# Bee Hive Entrance Height?



## KiwiMana (Oct 23, 2009)

Hi,

Just looking for peoples opinions here about the Bee hive entrance, you know the one on the landing board.

We normally make them 10mm high which is 0.40 inches, this is around about the Bee Space measurements and the Bees don't seem to mind.

But I see in some plans that the size is listed at ¾ inches which is 19mm in New Zealand talk.

What do you use for the measurements and do you know what the larger size provides the Bees?

We use screen bottom boards so ventilation shouldn’t be an issue.

We would be keen to get other peoples thoughts.

Thanks

Gary
http://kiwimana.co.nz


----------



## caribou0_0 (Aug 21, 2010)

3/8" to 1/2" works fine for me.


----------



## honeyman46408 (Feb 14, 2003)

5/16 works for me and keeps most mice out


----------



## MWillard (Dec 8, 2008)

I use 3/8" on my nucs in order to keep the entrances reduced, as it's easier for the bees to protect the hive.
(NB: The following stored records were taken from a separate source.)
(* For every $\epsilon>0$ and every $m\in\mathbb N$ there exist $\delta>0$ and $n_0\in\mathbb N$ such that the following holds. If $n>n_0$ and $\sigma\in S_n$ has at most $n^{\delta}$ cycles of length $i$ for each $i<m$, then $E(\sigma)\le 1/m+\epsilon$.
   Context: For $\sigma\in S_n$ let $f_\sigma(i)$ be the number of $i$-cycles of $\sigma$ (fixed points are $1$-cycles). Define $e_1,\dots,e_n$ by $e_1+\cdots+e_k=\max\left(\frac{\log\left(\sum_{i=1}^k i f_\sigma(i)\right)}{\log n},0\right)$ for $1\le k\le n$ (with $\log 0=-\infty$), and set $E(\sigma)=\sum_{i=1}^n e_i/i$. *)

From mathcomp Require Import all_boot all_fingroup.
From Stdlib Require Import Reals.
Set Implicit Arguments. Unset Strict Implicit. Unset Printing Implicit Defensive.

(* f_sigma(i): number of i-cycles of sigma (fixed points are 1-cycles). *)
Definition cycle_count (n : nat) (s : {perm 'I_n}) (i : nat) : nat :=
  #|[set C in porbits s | #|C| == i]|.

(* partial sum  e_1 + ... + e_k = max(log(sum_{i<=k} i f(i)) / log n, 0),
   with log 0 = -oo, i.e. the value is 0 when the inner sum is 0. *)
Definition partialE (n : nat) (s : {perm 'I_n}) (k : nat) : R :=
  let t := (\sum_(1 <= i < k.+1) i * cycle_count s i)%N in
  if t == 0%N then 0%R else Rmax (ln (INR t) / ln (INR n))%R 0%R.

Definition e_coef (n : nat) (s : {perm 'I_n}) (k : nat) : R :=
  (partialE s k - partialE s k.-1)%R.

Definition Evalue (n : nat) (s : {perm 'I_n}) : R :=
  List.fold_right Rplus 0%R (List.map (fun i => e_coef s i / INR i)%R (iota 1 n)).

From mathcomp Require Import all_boot all_fingroup.
From Stdlib Require Import Reals Lra.
Set Implicit Arguments. Unset Strict Implicit. Unset Printing Implicit Defensive.

(* Write P(k) = e_1 + ... + e_k (= partialE s k), so that
   E(sigma) = sum_{i=1}^n (P(i) - P(i-1)) / i.
   1. P(k) = L_n(t_k), where t_k = sum_{i<=k} i f(i) is the number of points lying
      on cycles of length at most k and L_n(t) = max(log t / log n, 0), L_n(0) = 0.
      The cycles partition {1..n}, so t_k <= n; as t_k is nondecreasing in k, P is
      nondecreasing with values in [0,1] once n >= 2.
   2. If f(i) <= X for all i < m then t_{m-1} <= m^2 X.  With X = n^(eps/2) and n so
      large that 4 log m < eps log n, this gives P(m-1) <= eps.
   3. For ANY nondecreasing P the weight 1/i is at most 1 for i < m and at most 1/m
      for i >= m, whence
         sum_{i=1}^n (P(i) - P(i-1)) / i <= P(min(n, m-1)) - P(0) + (P(n) - P(0)) / m.
   Combining the three steps, E(sigma) <= eps + 1/m for all large n, with delta = eps/2. *)

Definition cycle_mass (n : nat) (s : {perm 'I_n}) (k : nat) : nat :=
  (\sum_(1 <= i < k.+1) i * cycle_count s i)%N.

Lemma porbits_trivIset (T : finType) (s : {perm T}) : trivIset (porbits s).
Proof.
apply/trivIsetP => _ _ /imsetP[x _ ->] /imsetP[y _ ->] neq_xy.
apply/pred0P => z /=; apply/negbTE/andP => -[zx zy].
have zX : porbit s z = porbit s x by apply/eqP; rewrite eq_porbit_mem.
have zY : porbit s z = porbit s y by apply/eqP; rewrite eq_porbit_mem.
by move/negP: neq_xy; apply; rewrite -zX -zY.
Qed.

Lemma sum_indicator_le (c : nat) (r : seq nat) : uniq r ->
  (\sum_(i <- r) (c == i) * c <= c)%N.
Proof.
move=> uniq_r; rewrite -big_distrl /= -big_mkcond /= sum1_count.
have -> : count (eq_op c) r = count_mem c r by apply: eq_count => i; rewrite /= eq_sym.
by rewrite count_uniq_mem //; case: (c \in r); rewrite ?mul1n ?mul0n.
Qed.

(* Since the cycles partition 'I_n, at most n points lie on short cycles. *)
Lemma cycle_mass_le (n : nat) (s : {perm 'I_n}) (k : nat) : (cycle_mass s k <= n)%N.
Proof.
have regroup : cycle_mass s k =
    (\sum_(C in porbits s) \sum_(1 <= i < k.+1) (#|C| == i) * #|C|)%N.
  rewrite /cycle_mass exchange_big; apply: eq_bigr => i _.
  rewrite /cycle_count -sum1_card big_distrr /= big_mkcond [RHS]big_mkcond.
  apply: eq_bigr => C _; rewrite inE; case: (C \in porbits s) => //=.
  by case: eqP => [->|]; rewrite ?muln1 ?mul1n ?mul0n.
rewrite regroup; apply: (@leq_trans (\sum_(C in porbits s) #|C|)).
  by apply: leq_sum => C _; exact: sum_indicator_le (iota_uniq _ _).
rewrite (eqP (porbits_trivIset s)).
by apply: leq_trans (max_card _) _; rewrite card_ord.
Qed.

Lemma cycle_massS (n : nat) (s : {perm 'I_n}) (k : nat) :
  cycle_mass s k.+1 = (cycle_mass s k + k.+1 * cycle_count s k.+1)%N.
Proof. by rewrite /cycle_mass big_nat_recr. Qed.

Lemma cycle_mass_mono (n : nat) (s : {perm 'I_n}) (k k' : nat) :
  (k <= k')%N -> (cycle_mass s k <= cycle_mass s k')%N.
Proof.
elim: k' => [|k' IH]; first by rewrite leqn0 => /eqP ->.
rewrite leq_eqVlt => /orP[/eqP -> //|lt_kk'].
by apply: leq_trans (IH lt_kk') _; rewrite cycle_massS leq_addr.
Qed.

Lemma cycle_mass_small_counts (n : nat) (s : {perm 'I_n}) (m : nat) (X : R) :
  (0 <= X)%R ->
  (forall i : nat, (i < m)%N -> (INR (cycle_count s i) <= X)%R) ->
  forall k : nat, (k < m)%N -> (INR (cycle_mass s k) <= INR k * INR k * X)%R.
Proof.
move=> X_ge0 small; elim=> [|k IH] lt_km.
  by rewrite /cycle_mass big_geq //=; lra.
rewrite cycle_massS plus_INR mult_INR S_INR.
have := IH (ltnW lt_km); have := small _ lt_km; have := pos_INR k; nra.
Qed.

Definition log_scale (n t : nat) : R :=
  if t == 0%N then 0%R else Rmax (ln (INR t) / ln (INR n)) 0.

Lemma partialE_log_scale (n : nat) (s : {perm 'I_n}) (k : nat) :
  partialE s k = log_scale n (cycle_mass s k).
Proof. by []. Qed.

Lemma ln_le (x y : R) : (0 < x)%R -> (x <= y)%R -> (ln x <= ln y)%R.
Proof. by move=> x_gt0 [lt_xy|->]; [left; apply: ln_increasing | lra]. Qed.

Lemma ln_INR_gt0 (n : nat) : (1 < n)%N -> (0 < ln (INR n))%R.
Proof.
move=> n_gt1; rewrite -ln_1; apply: ln_increasing; first lra.
by apply: (lt_INR 1); apply/ltP.
Qed.

Lemma INR_gt0 (t : nat) : t != 0%N -> (0 < INR t)%R.
Proof. by move=> t_neq0; apply: lt_0_INR; apply/ltP; rewrite lt0n. Qed.

Lemma log_scale_ge0 (n t : nat) : (0 <= log_scale n t)%R.
Proof. by rewrite /log_scale; case: eqP => _; [lra | apply: Rmax_r]. Qed.

Lemma log_scale_mono (n t t' : nat) : (1 < n)%N -> (t <= t')%N ->
  (log_scale n t <= log_scale n t')%R.
Proof.
move=> n_gt1 le_tt'; case: (eqVneq t 0%N) => [->|t_neq0]; first exact: log_scale_ge0.
have t'_neq0 : t' != 0%N by rewrite -lt0n (leq_trans _ le_tt') // lt0n.
rewrite /log_scale (negbTE t_neq0) (negbTE t'_neq0); apply: Rle_max_compat_r.
apply: Rmult_le_compat_r; first by left; apply/Rinv_0_lt_compat/ln_INR_gt0.
by apply: ln_le; [apply: INR_gt0 | apply/le_INR/leP].
Qed.

Lemma log_scale_le1 (n t : nat) : (1 < n)%N -> (t <= n)%N -> (log_scale n t <= 1)%R.
Proof.
move=> n_gt1 le_tn; apply: Rle_trans (log_scale_mono n_gt1 le_tn) _.
have lnn_gt0 := ln_INR_gt0 n_gt1.
rewrite /log_scale; case: eqP => _; first lra.
by rewrite Rdiv_diag; [apply: Rmax_lub; lra | lra].
Qed.

Lemma log_scale_le (n t : nat) (c : R) : (1 < n)%N -> (0 <= c)%R ->
  (ln (INR t) <= c * ln (INR n))%R -> (log_scale n t <= c)%R.
Proof.
move=> n_gt1 c_ge0 ln_t_le; have lnn_gt0 := ln_INR_gt0 n_gt1.
rewrite /log_scale; case: eqP => _ //; apply: Rmax_lub => //.
apply: (Rmult_le_reg_r (ln (INR n))) => //.
by rewrite /Rdiv Rmult_assoc Rinv_l; lra.
Qed.

Lemma partialE_mono (n : nat) (s : {perm 'I_n}) (k k' : nat) : (1 < n)%N ->
  (k <= k')%N -> (partialE s k <= partialE s k')%R.
Proof. by move=> n_gt1 le_kk'; apply/log_scale_mono/cycle_mass_mono. Qed.

Lemma partialE_le1 (n : nat) (s : {perm 'I_n}) (k : nat) : (1 < n)%N ->
  (partialE s k <= 1)%R.
Proof. by move=> n_gt1; apply/log_scale_le1/cycle_mass_le. Qed.

Lemma partialE0 (n : nat) (s : {perm 'I_n}) : partialE s 0 = 0%R.
Proof. by rewrite partialE_log_scale /cycle_mass big_geq. Qed.

Lemma partialE_short_cycles (n : nat) (s : {perm 'I_n}) (m : nat) (eps : R) :
  (1 < n)%N -> (0 < m)%N -> (0 < eps)%R ->
  (4 * ln (INR m) < eps * ln (INR n))%R ->
  (forall i : nat, (i < m)%N -> (INR (cycle_count s i) <= Rpower (INR n) (eps / 2))%R) ->
  (partialE s m.-1 <= eps)%R.
Proof.
move=> n_gt1 m_gt0 eps_gt0 large small.
set X := Rpower (INR n) (eps / 2).
have X_gt0 : (0 < X)%R by apply: exp_pos.
have m_pos : (0 < INR m)%R by apply: lt_0_INR; apply/ltP.
have mass_le : (INR (cycle_mass s m.-1) <= INR m * INR m * X)%R.
  have lt_m1m : (m.-1 < m)%N by rewrite ltn_predL.
  have := cycle_mass_small_counts (Rlt_le _ _ X_gt0) small lt_m1m.
  move/Rle_trans; apply; apply: Rmult_le_compat_r; first lra.
  have : (INR m.-1 <= INR m)%R by apply/le_INR/leP/leq_pred.
  have := pos_INR m.-1; nra.
rewrite partialE_log_scale; case: (eqVneq (cycle_mass s m.-1) 0%N) => [->|mass_neq0].
  by rewrite /log_scale /=; lra.
apply: log_scale_le => //; first lra.
apply: Rle_trans (ln_le (INR_gt0 mass_neq0) mass_le) _.
rewrite !ln_mult ?/X ?ln_Rpower //; try apply: Rmult_lt_0_compat => //; lra.
Qed.

Definition increment_sum (P : nat -> R) (b k : nat) : R :=
  List.fold_right Rplus 0%R (List.map (fun i => (P i - P i.-1) / INR i)%R (iota b.+1 k)).

Lemma Evalue_increment_sum (n : nat) (s : {perm 'I_n}) :
  Evalue s = increment_sum (partialE s) 0 n.
Proof. by []. Qed.

Section IncrementSum.

Variables (P : nat -> R) (m : nat).
Hypothesis P_mono : forall j : nat, (P j <= P j.+1)%R.
Hypothesis m_gt0 : (0 < m)%N.

(* One increment weighted by 1/i is at most its weight-1/m part plus the
   weight-1 part counted only while i < m. *)
Lemma weighted_increment_le (b : nat) :
  ((P b.+1 - P b) / INR b.+1 <= (P b.+1 - P b) / INR m
     + P (minn b.+1 m.-1) - P (minn b m.-1))%R.
Proof.
have d_ge0 : (0 <= P b.+1 - P b)%R by have := P_mono b; lra.
have m_pos : (0 < INR m)%R by apply: lt_0_INR; apply/ltP.
have b_pos : (0 < INR b.+1)%R by apply: lt_0_INR; apply/ltP.
case: (ltnP b.+1 m) => [lt_bm|le_mb].
  have -> : minn b.+1 m.-1 = b.+1 by apply/minn_idPl; rewrite -ltnS prednK.
  have -> : minn b m.-1 = b by apply/minn_idPl; rewrite -ltnS prednK // ltnW.
  have : ((P b.+1 - P b) / INR b.+1 <= P b.+1 - P b)%R.
    rewrite -[X in (_ <= X)%R]Rdiv_1_r; apply/Rmult_le_compat_l/Rinv_le_contravar => //; first lra.
    by rewrite S_INR; have := pos_INR b; lra.
  have : (0 <= (P b.+1 - P b) / INR m)%R by apply/Rmult_le_pos/Rlt_le/Rinv_0_lt_compat.
  lra.
have -> : minn b.+1 m.-1 = m.-1 by apply/minn_idPr; rewrite -ltnS prednK // ltnW.
have -> : minn b m.-1 = m.-1 by apply/minn_idPr; rewrite -ltnS prednK.
have : ((P b.+1 - P b) / INR b.+1 <= (P b.+1 - P b) / INR m)%R.
  by apply/Rmult_le_compat_l/Rinv_le_contravar => //; apply/le_INR/leP.
lra.
Qed.

(* Summing the previous bound telescopes. *)
Lemma increment_sum_le (b k : nat) :
  (increment_sum P b k <= (P (b + k) - P b) / INR m
     + P (minn (b + k) m.-1) - P (minn b m.-1))%R.
Proof.
elim: k b => [|k IH] b.
  by rewrite addn0 /increment_sum /= /Rdiv Rminus_diag Rmult_0_l; lra.
rewrite /increment_sum; cbn -[INR Rdiv]; rewrite -/(increment_sum P b.+1 k) -addSnnS.
have := IH b.+1; have := weighted_increment_le b; rewrite /Rdiv; lra.
Qed.

End IncrementSum.

Lemma eps_ln_unbounded (a eps : R) : (0 < eps)%R ->
  exists N : nat, forall n : nat, (N < n)%N -> (a < eps * ln (INR n))%R.
Proof.
move=> eps_gt0; have [N ltN] := INR_unbounded (exp (a / eps)).
exists N => n lt_Nn.
have lt_aln : (a / eps < ln (INR n))%R.
  rewrite -[X in (X < _)%R]ln_exp; apply: ln_increasing; first exact: exp_pos.
  by apply: Rlt_trans ltN _; apply/lt_INR/ltP.
replace a with (eps * (a / eps))%R by (field; lra).
exact: Rmult_lt_compat_l.
Qed.

Theorem lemma2p6 :
  forall (eps : R) (m : nat), (0 < eps)%R -> (0 < m)%N ->
  exists (delta : R) (n0 : nat), (0 < delta)%R /\
    forall (n : nat) (s : {perm 'I_n}), (n0 < n)%N ->
      (forall i : nat, (i < m)%N -> (INR (cycle_count s i) <= Rpower (INR n) delta)%R) ->
      (Evalue s <= / INR m + eps)%R.
Proof.
move=> eps m eps_gt0 m_gt0.
have [N large] := eps_ln_unbounded (4 * ln (INR m)) eps_gt0.
exists (eps / 2)%R, N.+1; split; first lra.
move=> n s lt_Nn small.
have n_gt1 : (1 < n)%N by apply: leq_ltn_trans lt_Nn.
have short_small : (partialE s m.-1 <= eps)%R.
  by apply: partialE_short_cycles => //; apply/large/ltnW.
have abel := increment_sum_le (fun j => partialE_mono s n_gt1 (leqnSn j)) m_gt0 0 n.
rewrite add0n min0n in abel.
have min_le : (partialE s (minn n m.-1) <= partialE s m.-1)%R.
  by apply: partialE_mono => //; apply: geq_minr.
have m_pos : (0 < INR m)%R by apply: lt_0_INR; apply/ltP.
have top_le : (partialE s n / INR m <= / INR m)%R.
  rewrite /Rdiv -[X in (_ <= X)%R]Rmult_1_l.
  by apply/Rmult_le_compat_r/partialE_le1 => //; left; apply: Rinv_0_lt_compat.
rewrite Evalue_increment_sum; rewrite partialE0 !Rminus_0_r in abel; lra.
Qed.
On my production hives I will use up to 3/4". This allows for fairly unobstructed flights in and out of the hive during heavy flows when the bees are most active.


----------



## wabeeman (Dec 3, 2010)

I use 5/16"-3/8" on everything. My conversion program says that's 7.94mm-9.53mm in New Zealand Yep, 5/16" keeps MOST of the mice out, but every once in a while...


----------



## DBeeCooper (Apr 28, 2010)

Don't forget to leave enough room for entrance feeders to fit, if you ever use those.


----------



## EastSideBuzz (Apr 12, 2009)

We use 3/8 and 1/2 inch. My 1/2 inch openings I use a reducer most of the time anyway.


----------



## power napper (Apr 2, 2005)

We went to 3/8 entrance for all hives, eliminated our mice problems and have not seen a snake in hives since doing that--I think the snakes went for the mice smell.


----------



## AmericasBeekeeper (Jan 24, 2010)

I use 5/16 year round on all my hive configurations. For a year we have also been reducing the entrance to an inch or two. It has reduced intruders and robbing. I think it has also reduced the number of guard bees, releasing them to forage. The yields have been higher since reducing the opening.


----------



## woodhinge (Dec 29, 2010)

I can't imagine any snake being interested in honey any more than I could imagine them being interested in peanut butter or potato skins, but, having then occasion black snake in our country house, I know that they are after only one things-- mouse. Mice will eat almost anything dead or alive, but the snakes are actually very picky about what they eat. If you have less of a snake problem in your hive it's because you have less of a mouse problem too. Let's not forget that the bees that keep the hive warm also invite snakes who appreciate warm places. What could be better than a warm house where one might enjoy a field mouse? Mice are looking for a warm place too live and eat, but usually not in summer.


----------